He took the cigar out of his mouth and examined it. “An’ another difference between you and me: I don’t hide behind some clay pigeon Chief and act like he runs the whole show and not me, shadow puppetin’ him alls the time. That’s what losers do. Winners run their own show.” He hooked his thumb at the Chief. “I had one of them when I started my first day in my Agency. Next day I was Chief and Jersey had some new landfill.”
He stubbed out the cigar and started reaching under his jacket. “I figger your Jersey could use more landfill, too.” He looked at the Chief, then looked at me. “Maybe even a double donation. See, I figger if I were you and you are, I’d be a bit too dangerous to leave around as a loose end, even shot full of ‘Or Elses.’ Your versions of Lenny and Guido outside were more than happy to agree to take over this chicken feed operation and run it for me once I told them I’d firmly ensconce you in a Jersey dirt mattress.”
I tried struggling against my bonds, but the other me just laughed.
“Jitterbug all you want,” he gloated. “I dialed up a special trank just for you and your augments.” That’s when I noticed that on the Chief’s desk, along with my gat he’s got a manila folder with my Agency files open in front of him on the desk. He’d countered them all with that special trank. No wonder I felt weak as a kitten.

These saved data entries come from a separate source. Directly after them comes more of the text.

(* Let $f:\{0,1\}^n\to\{0,1\}$ be a Boolean function and $c\in\mathbb{R}^n_{\ge0}$ a cost vector. For every $\varepsilon\in(0,0.5]$ and $\beta>0$, there exists an $\varepsilon$-error online algorithm with unit investment $\beta$ (namely the algorithm Warmup-IPRR$(f,\varepsilon)$ described in the context) whose expected cost satisfies \[ \mathrm{avg\text{-}cost}_c \le \beta n + \frac{\mathrm{opt}^{\mathrm{w}}_0(f,c)}{\varepsilon}\sum_{i=1}^n \mathrm{Inf}_i[f]\left(1+\ln\frac{1}{\mathrm{Inf}_i[f]}\right). \]
   Context: Online priced query model: $f:\{0,1\}^n\to\{0,1\}$ is given; the input $x\in\{0,1\}^n$ and costs $c\in\mathbb{R}^n_{\ge0}$ are unknown. The algorithm maintains investments $\theta\in\mathbb{R}^n_{\ge0}$, initially $0$; each step it increases one $\theta_i$ by $\beta$; $x_i$ is revealed once $\theta_i\ge c_i$. The cost on input $x$ is $\|\theta\|_1$ at halting. Offline algorithms know $c$ and pay $c_i$ to reveal $x_i$. An algorithm is $\varepsilon$-error if $\Pr_{x}[\text{output}\ne f(x)]\le\varepsilon$ for uniform $x$. $\mathrm{avg\text{-}cost}_c$ is the expected cost over uniform $x$; $\mathrm{worst\text{-}cost}_c$ is the max over $x$. $\mathrm{opt}^{\mathrm{w}}_0(f,c)$ is the infimum of worst-case cost over all zero-error algorithms (offline or online). $\mathrm{Inf}_i[f]=\Pr_x[f(x)\ne f(x^{\oplus i})]$ ($x^{\oplus i}$: $x$ with bit $i$ flipped); terms with $\mathrm{Inf}_i[f]=0$ contribute $0$. For a restriction $\pi$ (partial assignment of variables), $f_\pi$ is the restricted function, and $\mathrm{bias}(g)=\min\{\Pr_x[g(x)\ne0],\Pr_x[g(x)\ne1]\}$. Warmup-IPRR$(f,\varepsilon)$: start with $\theta=0$, $\pi=\emptyset$; while $\mathrm{bias}(f_\pi)>\varepsilon$: pick $i^*\in\arg\max_i \mathrm{Inf}_i[f_\pi]/\theta_i$, increase $\theta_{i^*}$ by $\beta$, and if $x_{i^*}$ is revealed as $b$, add $x_{i^*}\mapsto b$ to $\pi$; finally output $\mathbf{1}\{\mathbb{E}_x[f_\pi(x)]\ge 1/2\}$. *)

From HB Require Import structures.
From mathcomp Require Import all_boot all_order all_algebra.
From mathcomp Require Import all_classical all_reals.
From mathcomp Require Import ereal exp.

Set Implicit Arguments.
Unset Strict Implicit.
Unset Printing Implicit Defensive.

Import Order.TTheory GRing.Theory Num.Theory.
Local Open Scope ring_scope.

(** The Boolean cube {0,1}^n (false = 0, true = 1). *)
Definition cube (n : nat) := {ffun 'I_n -> bool}.

Definition avg {R : realType} {n : nat} (g : cube n -> R) : R :=
  (\sum_(x : cube n) g x) / (#|{: cube n}|)%:R.

Definition prob {R : realType} {n : nat} (P : pred (cube n)) : R :=
  avg (fun x => (P x)%:R).

Definition flip {n : nat} (x : cube n) (i : 'I_n) : cube n :=
  [ffun j => if j == i then ~~ x j else x j].

Definition Inf {R : realType} {n : nat} (g : cube n -> bool) (i : 'I_n) : R :=
  prob (fun x => g x != g (flip x i)).

Definition restriction (n : nat) := 'I_n -> option bool.
Definition empty_restr (n : nat) : restriction n := fun _ => None.

Definition restr_apply {n : nat} (pi : restriction n) (x : cube n) : cube n :=
  [ffun j => if pi j is Some b then b else x j].

Definition frestr {n : nat} (f : cube n -> bool) (pi : restriction n) :
  cube n -> bool := fun x => f (restr_apply pi x).

Definition bias {R : realType} {n : nat} (g : cube n -> bool) : R :=
  Num.min (prob (fun x => g x != false)) (prob (fun x => g x != true)).

Definition expect_bool {R : realType} {n : nat} (g : cube n -> bool) : R :=
  avg (fun x => (g x)%:R).

Definition state (R : realType) (n : nat) : Type :=
  (('I_n -> R) * restriction n)%type.

Definition init_state (R : realType) (n : nat) : state R n :=
  ((fun _ => 0), @empty_restr n).

(** The ratio Inf_i[f_pi] / theta_i, as an extended real: when theta_i = 0
    it is +oo if the influence is positive and 0 if the influence is 0. *)
Definition iprr_ratio {R : realType} {n : nat} (f : cube n -> bool)
    (s : state R n) (i : 'I_n) : \bar R :=
  let I := Inf (frestr f s.2) i in
  if s.1 i == 0 then (if I == 0 then 0%E else +oo%E) else (I / s.1 i)%:E.

(** A tie-breaking rule for Warmup-IPRR: whenever the loop condition
    bias(f_pi) > eps holds, it selects some i* in argmax_i Inf_i[f_pi]/theta_i. *)
Definition iprr_selector {R : realType} {n : nat} (f : cube n -> bool) (eps : R)
    (sel : state R n -> option 'I_n) : Prop :=
  forall s : state R n, eps < bias (frestr f s.2) ->
    exists2 i, sel s = Some i & forall j, (iprr_ratio f s j <= iprr_ratio f s i)%E.

Definition invest {R : realType} {n : nat} (c : 'I_n -> R) (beta : R)
    (x : cube n) (s : state R n) (i : 'I_n) : state R n :=
  let theta' := fun j => if j == i then s.1 j + beta else s.1 j in
  let pi' := if c i <= theta' i then
               (fun j => if j == i then Some (x i) else s.2 j)
             else s.2 in
  (theta', pi').

Definition iprr_step {R : realType} {n : nat} (f : cube n -> bool) (c : 'I_n -> R)
    (eps beta : R) (sel : state R n -> option 'I_n) (x : cube n)
    (s : state R n) : state R n :=
  if eps < bias (frestr f s.2) then
    (if sel s is Some i then invest c beta x s i else s)
  else s.

Definition iprr_run {R : realType} {n : nat} (f : cube n -> bool) (c : 'I_n -> R)
    (eps beta : R) (sel : state R n -> option 'I_n) (x : cube n) (k : nat) :
    state R n :=
  iter k (iprr_step f c eps beta sel x) (init_state R n).

Definition iprr_halted {R : realType} {n : nat} (f : cube n -> bool) (eps : R)
    (s : state R n) : Prop :=
  bias (frestr f s.2) <= eps.

Definition iprr_output {R : realType} {n : nat} (f : cube n -> bool)
    (s : state R n) : bool :=
  ((2 : R)^-1 <= expect_bool (frestr f s.2)).

Definition l1cost {R : realType} {n : nat} (s : state R n) : R :=
  \sum_(i < n) `|s.1 i|.

(** ** Offline algorithms: adaptive decision trees paying c_i per query *)
Inductive dtree (n : nat) : Type :=
  | DLeaf of bool
  | DNode of 'I_n & dtree n & dtree n.  (* query x_i; left if 0, right if 1 *)

Fixpoint dt_eval {n : nat} (t : dtree n) (x : cube n) : bool :=
  match t with
  | DLeaf b => b
  | DNode i t0 t1 => if x i then dt_eval t1 x else dt_eval t0 x
  end.

Fixpoint dt_cost {R : realType} {n : nat} (c : 'I_n -> R) (t : dtree n)
    (x : cube n) : R :=
  match t with
  | DLeaf _ => 0
  | DNode i t0 t1 => c i + (if x i then dt_cost c t1 x else dt_cost c t0 x)
  end.

Definition dt_zero_error {n : nat} (f : cube n -> bool) (t : dtree n) : Prop :=
  forall x, dt_eval t x = f x.

Definition dt_worst_cost {R : realType} {n : nat} (c : 'I_n -> R) (t : dtree n) : R :=
  \big[Num.max/0]_(x : cube n) dt_cost c t x.

Definition opt0w {R : realType} {n : nat} (f : cube n -> bool) (c : 'I_n -> R) : R :=
  inf [set w : R | exists t : dtree n, dt_zero_error f t /\ w = dt_worst_cost c t].

Definition inf_term {R : realType} (I : R) : R :=
  if I == 0 then 0 else I * (1 + ln (I^-1)).

From HB Require Import structures.
From mathcomp Require Import all_boot all_order all_algebra.
From mathcomp Require Import all_classical all_reals.
From mathcomp Require Import ereal exp.
From mathcomp Require Import lra ring.
Import Order.TTheory GRing.Theory Num.Theory.
Local Open Scope ring_scope.
Set Implicit Arguments. Unset Strict Implicit. Unset Printing Implicit Defensive.

(* Two estimates drive the proof.

   Selection: if T is a zero-error decision tree for f, then T restricted by
   the current assignment pi computes f_pi, and the OSSS-type inequality
   bias(g) <= E_x[sum of Inf_j[g] over the queries j of a tree for g along x]
   gives eps < E_x[sum_(queries j) Inf_j[f_pi]].  Since the selected i
   maximises Inf_j[f_pi] / theta_j and theta_j <= c_j for unrevealed j, each
   term is at most c_j Inf_i[f_pi] / theta_i, whence
   eps * theta_i <= opt * Inf_i[f_pi] whenever coordinate i is invested in.

   Martingale: revealing coordinates of a uniform input leaves the unrevealed
   ones uniform, so M = Inf_i[f_pi] averages to at most Inf_i[f] at any
   stopping time, and by Markov's inequality M reaches level lam with
   probability at most Inf_i[f] / lam.  As theta_i exceeds k beta only after M
   reached eps k beta / opt, summing over k gives
   E[theta_i] <= beta + opt/eps * int_0^1 min(1, Inf_i[f]/lam) dlam, which is
   the term Inf_i[f] (1 + ln (1 / Inf_i[f])).

   Finally, on halting the output is the majority value of f_pi, which errs on
   a bias(f_pi) <= eps fraction of the completions of pi, and completions of
   the revealed part of a uniform input are uniform. *)

Section Average.
Variables (R : realType) (n : nat).
Local Notation cube := (cube n).

Definition ncube : R := (#|{: cube}|)%:R.

Lemma ncube_gt0 : 0 < ncube.
Proof. by rewrite /ncube ltr0n; apply/card_gt0P; exists [ffun=> false]. Qed.

Lemma sumr_cube_cst (a : R) : \sum_(x : cube) a = ncube * a.
Proof. by rewrite sumr_const /ncube mulr_natl. Qed.

Lemma avg_cst (a : R) : avg (fun _ : cube => a) = a.
Proof. by rewrite /avg sumr_cube_cst -/ncube mulrC mulKf ?gt_eqF ?ncube_gt0. Qed.

Lemma avg_ler (h1 h2 : cube -> R) : (forall x, h1 x <= h2 x) -> avg h1 <= avg h2.
Proof. by move=> H; rewrite /avg ler_pM2r ?invr_gt0 ?ncube_gt0 //; apply: ler_sum. Qed.

Lemma avg_ub (h : cube -> R) M : (forall x, h x <= M) -> avg h <= M.
Proof. by move=> H; rewrite -[M]avg_cst; apply: avg_ler. Qed.

Lemma avg_ge0 (h : cube -> R) : (forall x, 0 <= h x) -> 0 <= avg h.
Proof. by move=> H; rewrite -(avg_cst 0); apply: avg_ler. Qed.

Lemma avgMr (h : cube -> R) a : avg h * a = avg (fun x => h x * a).
Proof. by rewrite /avg mulrAC mulr_suml. Qed.

Lemma avgMl (h : cube -> R) a : a * avg h = avg (fun x => a * h x).
Proof. by rewrite mulrC avgMr; congr avg; apply: funext => x; rewrite mulrC. Qed.

Lemma avgD (h1 h2 : cube -> R) : avg (fun x => h1 x + h2 x) = avg h1 + avg h2.
Proof. by rewrite /avg big_split mulrDl. Qed.

Lemma avg_sum (I : finType) (h : I -> cube -> R) :
  avg (fun x => \sum_i h i x) = \sum_i avg (h i).
Proof. by rewrite /avg exchange_big mulr_suml. Qed.

Lemma Inf_ge0 (g : cube -> bool) j : 0 <= Inf g j :> R.
Proof. by apply: avg_ge0 => x; rewrite ler0n. Qed.

Lemma Inf_le1 (g : cube -> bool) j : Inf g j <= 1 :> R.
Proof. by apply: avg_ub => x; rewrite lern1 leq_b1. Qed.

End Average.

Section Resampling.
Variables (R : realType) (n : nat).
Local Notation cube := (cube n).

Definition mix (D : {set 'I_n}) (x y : cube) : cube :=
  [ffun j => if j \in D then x j else y j].

Lemma mixE D x y j : mix D x y j = if j \in D then x j else y j.
Proof. by rewrite ffunE. Qed.

Lemma mix_mixl D x y z : mix D (mix D x y) z = mix D x z.
Proof. by apply/ffunP=> j; rewrite !mixE; case: (j \in D). Qed.

Lemma mix_mixr D x y z : mix D x (mix D y z) = mix D x z.
Proof. by apply/ffunP=> j; rewrite !mixE; case: (j \in D). Qed.

Lemma mixxx D x : mix D x x = x.
Proof. by apply/ffunP=> j; rewrite !mixE; case: (j \in D). Qed.

Lemma mix0 (x y : cube) : mix finset.set0 x y = y.
Proof. by apply/ffunP=> j; rewrite mixE finset.in_set0. Qed.

Lemma mix_mixr_subset (D E : {set 'I_n}) y x w :
  D \subset E -> mix E y (mix D x w) = mix E y w.
Proof.
move=> sDE; apply/ffunP=> j; rewrite !mixE; case: ifP => // jE.
by rewrite (negbTE (contraFN (fintype.subsetP sDE j) jE)).
Qed.

Lemma mix_setU1 (j : 'I_n) D (y w : cube) :
  mix (j |: D) y w =
  if (j \in D) || (y j == w j) then mix D y w else flip (mix D y w) j.
Proof.
apply/ffunP => k; case: (eqVneq k j) => [->|nkj];
  case: ifP; rewrite /flip ?ffunE ?mixE ?in_setU1 ?eqxx ?(negbTE nkj) //=;
  by case: (j \in D); case: (y j); case: (w j).
Qed.

Definition agree (D : {set 'I_n}) (x x' : cube) := forall j, j \in D -> x' j = x j.

Lemma agree_mix D x y : agree D x (mix D x y).
Proof. by move=> j jD; rewrite mixE jD. Qed.

Lemma agree_subset (D E : {set 'I_n}) x x' :
  D \subset E -> agree E x x' -> agree D x x'.
Proof. by move=> sDE H j /(fintype.subsetP sDE); apply: H. Qed.

Definition stopping (Dm : cube -> {set 'I_n}) :=
  forall x x', agree (Dm x) x x' -> Dm x' = Dm x.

He made a big show of looking at his watch.
“Time’s up,” he laughed.
His hand pulled his gat all the way out of his jacket. It looked exactly like mine only the trigger was a lot more worn, which didn’t cheer me up none. This guy meant business.
“Too bad youse was so small-time and never learned to work wholesale. You coulda been where I’m sittin’.” He cocked back the hammer. “Arrivederci, loser.”

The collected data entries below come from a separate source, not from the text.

(* Let $X$ be a Dedekind complete Riesz space with weak order unit $e$ and conditional expectation operator $T$ with $Te=e$. If $(x_{\alpha})$ is a decreasing net in $X_{+}$ that converges to $0$ in $T$-conditional probability, then $x_{\alpha}\downarrow0$.
   Context: A conditional expectation operator on $X$ is a strictly positive, order continuous linear projection $T$ with $Te=e$ whose range is a Dedekind complete Riesz subspace. $x_\alpha\to 0$ in $T$-conditional probability means that for every $\epsilon>0$ the net $TP_{(|x_\alpha|-\epsilon e)^{+}}e$ order converges to $0$, where $P_y$ is the band projection onto the band generated by $y$; order convergence $y_\alpha\to 0$ means $|y_\alpha|$ is eventually dominated by the terms of some net decreasing to $0$. *)

From HB Require Import structures.
From mathcomp Require Import all_boot all_order all_algebra.
From mathcomp Require Import reals.
From Stdlib Require Import ClassicalEpsilon.

Set Implicit Arguments.
Unset Strict Implicit.
Unset Printing Implicit Defensive.
Import GRing.Theory Num.Theory.
Local Open Scope ring_scope.

Section Riesz.
Variables (R : realType) (X : lmodType R)
  (le : X -> X -> Prop) (join : X -> X -> X).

Maizie picked that exact moment to burst into her daddy’s office, bless her heart, crying all the way through the door about what a jerk I’d been. The other me took his eyes off me to take in the US Navy for just a second, but a second was all I needed.

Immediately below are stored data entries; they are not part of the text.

Definition act_set (n : nat) (g : dih n) (X : {set 'I_n}) : {set 'I_n} :=
  [set j : 'I_n | [exists v in X, nat_of_ord j == act_idx g v]].

Definition Xfam (n : nat) : {set {set 'I_n}} :=
  [set X : {set 'I_n} |
     [forall i : 'I_n, ~~ (inX X i && inX X i.+1)] &&
     [forall i : 'I_n, [|| inX X i, inX X i.+1 | inX X i.+2]]].

Definition Stab (n : nat) (X : {set 'I_n}) : {set dih n} :=
  [set g : dih n | act_set g X == X].

Definition rotations (n : nat) : {set dih n} := [set g : dih n | ~~ g.2].

Definition orbit_of (n : nat) (X : {set 'I_n}) : {set {set 'I_n}} :=
  [set act_set g X | g : dih n].

Definition refl_orbits (n : nat) : {set {set {set 'I_n}}} :=
  [set orbit_of X | X in [set X in Xfam n | ~~ (Stab X \subset rotations n)]].

(* Padovan sequence: q 1 = 0, q 2 = 1, q 3 = 1, q n = q (n-2) + q (n-3).
   (q 0 is unused.) *)
Fixpoint padq (n : nat) : nat :=
  match n with
  | 0 | 1 => 0
  | 2 | 3 => 1
  | S (S ((S ((S m) as a)) as b)) => padq b + padq a
  end.

(* r(2k-1) = q(k), r(2k) = q(k+2). *)
Definition padr (n : nat) : nat :=
  if odd n then padq (n.+1)./2 else padq (n./2 + 2).

From HB Require Import structures.
From mathcomp Require Import all_boot fingroup action ssralg zmodp zify.
Set Implicit Arguments. Unset Strict Implicit. Unset Printing Implicit Defensive.

Import GRing.Theory.

(* An orbit either consists of sets with a reflection symmetry or contains none, so
   Burnside's lemma applies to the action of D_{2n} on the symmetric members of X_n.
   On a set fixed by a reflection r, g |-> r g matches the rotations fixing it with
   the reflections fixing it; hence n times the number of orbits is the number of
   pairs (reflection, fixed set).  Conjugation by rotations leaves one class of
   reflections for n odd and two for n even (axes through vertices or through
   edges).  Read as a binary word, a set fixed by a reflection is a palindrome, and
   the cyclic conditions reduce to the windows of one half closed off by its mirror
   letters.  Those linear words are counted by a transfer recursion whose
   characteristic polynomial X^3 - X - 1 is that of the Padovan sequence. *)

(** * Binary words *)

Fixpoint bitseqs (k : nat) : seq bitseq :=
  if k is k'.+1 then map (cons true) (bitseqs k') ++ map (cons false) (bitseqs k')
  else [:: [::]].

Lemma mem_bitseqs k s : (s \in bitseqs k) = (size s == k).
Proof.
elim: k s => [|k IH] s; first by case: s.
rewrite /= mem_cat; case: s => [|b s] /=.
  by apply/negbTE/negP => /orP[] /mapP[t].
have cons_inj c : injective (cons c : bitseq -> bitseq) by move=> x y [].
case: b; rewrite !(mem_map (cons_inj _)) IH eqSS.
  by apply/orP/idP => [[//|/mapP[t]//]|->]; left.
by apply/orP/idP => [[/mapP[t]//|//]|->]; right.
Qed.

Lemma uniq_bitseqs k : uniq (bitseqs k).
Proof.
elim: k => [|k IH] //=; rewrite cat_uniq !map_inj_uniq ?IH //; try by move=> ? ? [].
by rewrite andbT; apply/hasPn => s /mapP[t _ ->]; apply/mapP => -[u].
Qed.

Lemma count_bitseqsS k (P : pred bitseq) :
  count P (bitseqs k.+1) =
  count (fun s => P (true :: s)) (bitseqs k) + count (fun s => P (false :: s)) (bitseqs k).
Proof. by rewrite /= count_cat !count_map. Qed.

Lemma count_bitseqs_bij (n k : nat) (f g : bitseq -> bitseq) (Q P : pred bitseq) :
  (forall v, size v = k -> [/\ size (f v) = n, Q (f v) & g (f v) = v]) ->
  (forall L, size L = n -> Q L -> size (g L) = k /\ f (g L) = L) ->
  count (fun L => Q L && P L) (bitseqs n) = count (fun v => P (f v)) (bitseqs k).
Proof.
move=> Hf Hg.
have -> : count (fun L => Q L && P L) (bitseqs n) = count P (filter Q (bitseqs n)).
  by rewrite count_filter; apply: eq_count => L /=; rewrite andbC.
have pe : perm_eq (filter Q (bitseqs n)) (map f (bitseqs k)).
  apply: uniq_perm; first exact/filter_uniq/uniq_bitseqs.
    rewrite map_inj_in_uniq ?uniq_bitseqs // => v w.
    rewrite !mem_bitseqs => /eqP sv /eqP sw e.
    by have [_ _ <-] := Hf v sv; have [_ _ <-] := Hf w sw; rewrite e.
  move=> L; rewrite mem_filter mem_bitseqs; apply/andP/mapP => [[QL /eqP sL]|[v]].
    by have [sg fg] := Hg L sL QL; exists (g L); rewrite ?mem_bitseqs ?sg.
  by rewrite mem_bitseqs => /eqP sv ->; have [-> -> _] := Hf v sv.
by rewrite (permP pe) count_map.
Qed.

Lemma count_palindromes_even h (P : pred bitseq) :
  count (fun L => (L == rev L) && P L) (bitseqs h.*2) =
  count (fun v => P (v ++ rev v)) (bitseqs h).
Proof.
apply: (count_bitseqs_bij (g := take h)) => [v sv|L sL /eqP pL].
  by rewrite size_cat size_rev sv addnn rev_cat revK eqxx take_size_cat.
have st : size (take h L) = h by rewrite size_takel // sL -addnn leq_addr.
split => //; have -> : rev (take h L) = drop h L.
  by rewrite {1}pL take_rev sL -addnn addnK revK.
exact: cat_take_drop.
Qed.

Lemma count_palindromes_odd h (P : pred bitseq) :
  count (fun L => (L == rev L) && P L) (bitseqs h.*2.+1) =
  count (fun v => P (v ++ behead (rev v))) (bitseqs h.+1).
Proof.
apply: (count_bitseqs_bij (g := take h.+1)) => [v sv|L sL /eqP pL].
  case/lastP: v sv => [//|w c]; rewrite size_rcons => -[sw].
  rewrite rev_rcons /= size_cat size_rcons size_rev sw addSn addnn.
  by rewrite take_size_cat ?size_rcons ?sw // rev_cat revK cat_rcons rev_rcons eqxx.
have st : size (take h.+1 L) = h.+1 by rewrite size_takel // sL -addnn ltnS leq_addr.
split => //; have -> : rev (take h.+1 L) = drop h L.
  by rewrite {1}pL take_rev sL (_ : h.*2.+1 - h.+1 = h) ?revK //; lia.
by rewrite -drop1 drop_drop add1n cat_take_drop.
Qed.

Lemma last_rev (T : Type) (x : T) (s : seq T) : last x (rev s) = head x s.
Proof. by case: s => //= y s; rewrite rev_cons last_rcons. Qed.

(** * Maximal independent sets of a cycle as binary words *)

(* The conditions (a) and (b) of X_n, read on three consecutive vertices. *)
Definition mis_window (x y z : bool) := [&& ~~ (x && y), ~~ (y && z) & [|| x, y | z]].

Lemma mis_windowC x y z : mis_window x y z = mis_window z y x.
Proof. by case: x; case: y; case: z. Qed.

Fixpoint mis_path (s : bitseq) : bool :=
  match s with
  | x :: ((y :: z :: _) as t) => mis_window x y z && mis_path t
  | _ => true
  end.

Lemma mis_path_map_iota (f : nat -> bool) s k :
  mis_path (map f (iota s k)) <->
  (forall j, j + 2 < k -> mis_window (f (s + j)) (f (s + j).+1) (f (s + j).+2)).
Proof.
elim: k s => [|[|[|k]] IH] s; try by split => // _ j; lia.
have -> : mis_path (map f (iota s k.+3)) =
   mis_window (f s) (f s.+1) (f s.+2) && mis_path (map f (iota s.+1 k.+2)) by [].
split.
  move=> /andP[h1 /IH h2] [|j] lj; first by rewrite addn0.
  by rewrite -addSnnS; apply: h2; lia.
move=> H; apply/andP; split; first by have := H 0; rewrite addn0; apply.
by apply/IH => j lj; rewrite addSnnS; apply: H; lia.
Qed.

Definition cnth (L : bitseq) i := nth false L (i %% size L).

Definition mis_cycle (L : bitseq) :=
  all (fun i => mis_window (cnth L i) (cnth L i.+1) (cnth L i.+2)) (iota 0 (size L)).

Section SymmetricPeriodic.

Variables (b : nat -> bool) (n R k : nat).
Hypothesis b_per : forall p, b (p + n) = b p.

Lemma mis_window_mod i :
  mis_window (b i) (b i.+1) (b i.+2) =
  mis_window (b (i %% n)) (b (i %% n).+1) (b (i %% n).+2).
Proof.
have b_perq q p : b (p + q * n) = b p.
  by elim: q => [|q IH]; rewrite ?mul0n ?addn0 // mulSn addnCA addnC b_per IH.
have e t : b (i + t) = b (i %% n + t) by rewrite {1}(divn_eq i n) -addnA addnC b_perq.
by have := e 0; have := e 1; have := e 2; rewrite !addn0 !addn1 !addn2 => -> -> ->.
Qed.

Hypotheses (n_gt0 : 0 < n) (b_sym : forall p, p <= R -> b (R - p) = b p).
Hypotheses (R_ge : n.*2 <= R.+1) (Rk : R + 5 <= n + k.*2) (k_ge3 : 3 <= k).

(* Each window of a period lies in the segment or is mirrored into it by [p |-> R - p];
   this is what the bounds on [R] and [k] guarantee. *)
Lemma mis_windows_of_segment :
  mis_path (map b (iota n.-1 k)) -> forall i, mis_window (b i) (b i.+1) (b i.+2).
Proof.
move/mis_path_map_iota => H i; rewrite mis_window_mod; have := ltn_pmod i n_gt0.
move: (i %% n) => j lj.
case: (ltngtP j n.-1) => [lj1|lj1|->]; last 2 first.
- lia.
- by have := H 0; rewrite addn0; apply; lia.
case: (leqP (j + 4) k) => jk.
  have := H j.+1; rewrite (_ : n.-1 + j.+1 = j + n); last by lia.
  by rewrite -!addSn !b_per; apply; lia.
have := H (R - j - 2 - n.-1).
rewrite (_ : n.-1 + (R - j - 2 - n.-1) = R - j.+2); last by lia.
rewrite (_ : (R - j.+2).+1 = R - j.+1); last by lia.
rewrite (_ : (R - j.+1).+1 = R - j); last by lia.
rewrite !b_sym; try lia.
by rewrite mis_windowC; apply; lia.
Qed.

Didn’t I say she was the best Distracter in the business?
I fired up my special augments, the ones neither my file nor that other me knew I had, the ones that weren’t completely tranked. I burst those heavy ropes holding me like they wasn’t nothing but tissue paper in a flophouse outhouse and leapt across the room before the other me could swivel his eyes back my direction.
Mid-leap I snatch up my gat and take care of him quick like. And by take care, I don’t mean none of that sissy nano nonsense neither. I mean the Valentine’s Day in Chicago kind of take care.
Maizie was a little slow on the uptake, her having only Agency augments and all. “What—?” she seymoured. “Who—?”
Then she saw the rictused face of the other me bleedin’ all over the carpet. “Say, Vince, honey. He looks like you!” She peered closer. “He is a you!”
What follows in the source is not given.